Bölümü okurken dinleyebileceğiniz şarkı medyada :)
Yağız Sancar ;
Beklediğimiz operasyon saati gelip çatmıştı. Saat şuan 20:36 ydı ve biz; Lodos ve Pusat timi mekana intikal etmiştik. Bir otelin restorant kısmında olacak sevkiyat işlemi için buradaydık. Geldiğimiz arabanın içerisinden otele doğru diktim gözlerimi.. Önce tabelayı, ardından kapıyı gözden geçirdim.
° Sarmaşık Otel °
Kapısında ki görevlileri şöyle bir süzdüm. Otel sahibinin operasyondan haberi olduğundan dolayı giriş için parola yeterli olacaktı.
Artık koordine bir şekilde başlama vaktiydi. Konuşmaya başladım. 'Mehmet, İso, Erhan, Melih, Barış ! Garson tayfa sizsiniz. Dikkatli olun. Ters bir şey görürseniz direk irtibata geçiyoruz!.'
'Tamamdır Komutanım.' gibi onaylayan ifadelerinden sonra diğerlerine geçtim.
'Mert, Akın, Leyla ! Siz ileri de olan servis bölümündesiniz. Aynı şekilde bi terslik falan olursa direk irtibata geçiyoruz !.'
'Selim ve Ali sizde arka taraftaki masada müşteri gibi oturup etrafı tarayın. Bi sıkıntı olursa, biliyorsunuz.' dedim.
'Anlaşıldı komutanım' cevabından sonra tekrar talimatları bildirdim.
' Teslimatı yapacak olan baş Mete Alkan. Şuanda mekanda, yapılıp bize bildirilen analizlere göre lacivert takım elbiseli ve elinde siyah bir çanta var. O çantada teslimatla alakalı illegal belgeler, sözleşmeler ve daha bilmediğimiz bir çok şey var. Yani hem o adamı ve bulaşan herkesi suç üstü yapıp hem o çantayı almak zorundayız. Hadi kolay gelsin.'
Dedikten sonra açılan kapıyla beraber inip mekana doğru yürüdüm. Zehra yanımda, garson tayfa açık ara mesafeyle arka çaprazda, servis, müşteri tayfa henüz inmemiş bizim biraz daha uzaklaşmamızı bekliyorlardı.
Kapının önüne geldiğimde görevliye baş selamı verip Lodos dedikten sonra Zehra'da aynı şekilde selam vererek Pusat dedi. Görevli de baş selamı verip önümüzden çekilince gayet sakin bir şekilde ilerlemeye başladık. Aynı mesafeyle, irtibata geçmeden herkes görev yerini aldığında bizde ön masalardan birine oturduk.
Zehra'yla konuşuyormuş gibi yaparak etrafı izliyorduk. Takriben bir 10-15 dakika sakin geçmişti. Biraz gerimizde olan masanın yakınlarında olan hareketlenmeyle dikkatimizi orada topladık.
Evet hedef buydu. Çaktırmadan takip etmeye başladım. Kendisi oturduktan sonra elindeki çantayı yavaşça masaya bıraktı ve karşısındaki iki adamla konuşmaya başladı. Kulağımdaki kulaklıktan gelen seslere odaklandım bir anda. Mert! Mert'in sesiydi ama çok tuhaf geliyordu.
'Komutanım! Hedef burada! Asansörden indi az önce. Yer talimatı veriyorum.
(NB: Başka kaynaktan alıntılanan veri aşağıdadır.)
(* Let $A\in\mathbb R^{m\times n}$ with $A\ge\mathbf 0$, $b\in\mathbb R^m$, $c\in\mathbb R^n$, and suppose the linear program $(P)$: $\max c^\intercal x$ s.t. $Ax\le b$, $x\ge\mathbf 0$ is feasible. Then $(P)$ is unbounded if and only if there exists $j^*\in[n]$ such that $c_{j^*}>0$ and the $j^*$-th column of $A$ is the zero vector.
   Context: Inequalities are componentwise. $(P)$ is unbounded if its objective is unbounded above on its feasible set. *)

From mathcomp Require Import all_boot all_order all_algebra.
From mathcomp Require Import reals.
Set Implicit Arguments. Unset Strict Implicit. Unset Printing Implicit Defensive.
Import Order.TTheory GRing.Theory Num.Theory.
Local Open Scope ring_scope.

Definition cvle (R : realType) (k : nat) (u v : 'cV[R]_k) : Prop :=
  forall i : 'I_k, u i 0 <= v i 0.

Definition lp_feasible (R : realType) (m n : nat)
  (A : 'M[R]_(m, n)) (b : 'cV[R]_m) (x : 'cV[R]_n) : Prop :=
  cvle (A *m x) b /\ cvle 0 x.

Definition lp_obj (R : realType) (n : nat) (c : 'cV[R]_n) (x : 'cV[R]_n) : R :=
  (c^T *m x) 0 0.

Definition lp_unbounded (R : realType) (m n : nat)
  (A : 'M[R]_(m, n)) (b : 'cV[R]_m) (c : 'cV[R]_n) : Prop :=
  forall M : R, exists x, lp_feasible A b x /\ M < lp_obj c x.

From mathcomp Require Import all_boot all_order all_algebra.
From mathcomp Require Import reals lra.
Set Implicit Arguments. Unset Strict Implicit. Unset Printing Implicit Defensive.
Import Order.TTheory GRing.Theory Num.Theory.
Local Open Scope ring_scope.

(* A zero column j with c_j > 0 is a feasible ray: moving along the unit
   vector e_j leaves A x unchanged and raises the objective linearly.
   Conversely, if every column j with c_j > 0 has a positive entry A_ij,
   then, since A >= 0 and x >= 0, feasibility gives A_ij x_j <= b_i, so each
   such x_j is bounded and so is c^T x. *)

Section LinearProgram.

Variables (R : realType) (m n : nat).
Implicit Types (A : 'M[R]_(m, n)) (b : 'cV[R]_m) (c x : 'cV[R]_n).

Lemma lp_objE c x : lp_obj c x = \sum_j c j 0 * x j 0.
Proof. by rewrite /lp_obj mxE; apply: eq_bigr => j _; rewrite mxE. Qed.

Lemma lp_obj_add_ray c x (j : 'I_n) (t : R) :
  lp_obj c (x + t *: delta_mx j 0) = lp_obj c x + t * c j 0.
Proof.
rewrite /lp_obj mulmxDr -scalemxAr -colE !mxE.
by congr (_ + _); rewrite mxE mulrC.
Qed.

Lemma lp_feasible_add_ray A b x (j : 'I_n) (t : R) :
  col j A = 0 -> 0 <= t -> lp_feasible A b x ->
  lp_feasible A b (x + t *: delta_mx j 0).
Proof.
move=> colj t0 [hAx hx]; split=> i.
  by rewrite mulmxDr -scalemxAr -colE colj scaler0 addr0; apply: hAx.
rewrite !mxE; apply: addr_ge0; first by have := hx i; rewrite mxE.
by rewrite mulr_ge0 //; case: eqP.
Qed.

Lemma lp_unbounded_of_zero_col A b c (j : 'I_n) :
  (exists x, lp_feasible A b x) -> 0 < c j 0 -> col j A = 0 ->
  lp_unbounded A b c.
Proof.
move=> [x0 hx0] cj colj M.
pose t := (`|M| + `|lp_obj c x0| + 1) / c j 0.
have t_ge0 : 0 <= t by rewrite divr_ge0 ?ltW // ltr_wpDl ?addr_ge0.
exists (x0 + t *: delta_mx j 0).
split; first exact: lp_feasible_add_ray.
have -> : lp_obj c (x0 + t *: delta_mx j 0) = lp_obj c x0 + `|M| + `|lp_obj c x0| + 1.
  by rewrite lp_obj_add_ray mulfVK ?gt_eqF // !addrA.
have := ler_norm M; have := ler_norm (- lp_obj c x0).
rewrite normrN; lra.
Qed.

Variable A : 'M[R]_(m, n).
Hypothesis A_ge0 : forall i j, 0 <= A i j.

Lemma col_neq0_pos_entry (j : 'I_n) : col j A != 0 -> exists i, 0 < A i j.
Proof.
move=> colj; have [/existsP // | /existsPn Anpos] := boolP [exists i, 0 < A i j].
case/eqP: colj; apply/matrixP => i k; rewrite !mxE.
by apply/eqP; rewrite eq_le A_ge0 andbT leNgt Anpos.
Qed.

Lemma lp_feasible_entry_le b x (i : 'I_m) (j : 'I_n) :
  lp_feasible A b x -> A i j * x j 0 <= b i 0.
Proof.
have x_ge0 k : cvle 0 x -> 0 <= x k 0 by move/(_ k); rewrite mxE.
move=> [hAx hx]; apply: le_trans (hAx i).
rewrite mxE (bigD1 j) //= lerDl.
by apply: sumr_ge0 => k _; rewrite mulr_ge0 ?x_ge0.
Qed.

(* Any single positive entry of column j bounds x_j; summing over all of
   them avoids choosing one. *)
Definition coord_bound b (j : 'I_n) : R :=
  \sum_i (if 0 < A i j then `|b i 0| / A i j else 0).

Lemma lp_feasible_coord_le b x (i : 'I_m) (j : 'I_n) :
  lp_feasible A b x -> 0 < A i j -> x j 0 <= coord_bound b j.
Proof.
move=> hx Aij; apply: (@le_trans _ _ (`|b i 0| / A i j)).
  rewrite ler_pdivlMr // mulrC.
  exact: le_trans (lp_feasible_entry_le i j hx) (ler_norm _).
rewrite /coord_bound (bigD1 i) //= Aij lerDl.
by apply: sumr_ge0 => k _; case: ifP => // Akj; rewrite divr_ge0 // ltW.
Qed.

Lemma lp_obj_le_coord_bound b c x :
  (forall j, 0 < c j 0 -> exists i, 0 < A i j) -> lp_feasible A b x ->
  lp_obj c x <= \sum_j (if 0 < c j 0 then c j 0 * coord_bound b j else 0).
Proof.
move=> hpos hx; rewrite lp_objE; apply: ler_sum => j _.
have xj_ge0 : 0 <= x j 0 by have := hx.2 j; rewrite mxE.
case: ifPn => cj; last by rewrite mulr_le0_ge0 // leNgt.
have [i Aij] := hpos j cj.
by rewrite ler_pM2l //; apply: lp_feasible_coord_le hx Aij.
Qed.

End LinearProgram.

Theorem proposition3 (R : realType) (m n : nat)
  (A : 'M[R]_(m, n)) (b : 'cV[R]_m) (c : 'cV[R]_n)
  (hA : forall (i : 'I_m) (j : 'I_n), 0 <= A i j)
  (hfeas : exists x : 'cV[R]_n, lp_feasible A b x) :
  lp_unbounded A b c <->
  exists j : 'I_n, 0 < c j 0 /\ col j A = 0.
Proof.
split=> [unb | [j [cj colj]]]; last exact: lp_unbounded_of_zero_col hfeas cj colj.
have [/existsP [j /andP [cj /eqP colj]] | no_ray] :=
  boolP [exists j, (0 < c j 0) && (col j A == 0)]; first by exists j.
have hpos j : 0 < c j 0 -> exists i, 0 < A i j.
  move=> cj; apply: (col_neq0_pos_entry hA); apply: contra no_ray => colj.
  by apply/existsP; exists j; rewrite cj.
have [x [hx]] := unb (\sum_j (if 0 < c j 0 then c j 0 * coord_bound A b j else 0)).
by rewrite ltNge (lp_obj_le_coord_bound hA hpos hx).
Qed.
Kat 3, sondan 2. asansörden indi ve sol koridorda ilerliyor şuan. Akın ve ben oda servisi aracıyla peşindeyiz.'
Ne? Ulan adam arkamda oturuyordu. Mümkün değil. Sakince konuşmaya başladım.
' Mert! Bu mümkün değil. Eminmisin Mete Alkan olduğuna? '
Cevap gelmedi.
Tekrar seslendim. 'Mert!'
Sadece cızırtı vardı. Az önce Akın yanımda demişti değilmi ? Bu kez Akın'a seslendim.
'Akın?!'
'Komu-' dediği sırada ses kesildi. Bu mümkün değildi. Bu işin içinde bişey vardı. Bu kez Garson tayfaya seslendim. Ben seslenirken sesimi sakin ve Zehra'yla konuşuyormuş gibi tutmaya çalıştığım için Zehra'da tedirgin olmamaya çalışarak yüzüme bakıp bir şeyler söylüyordu.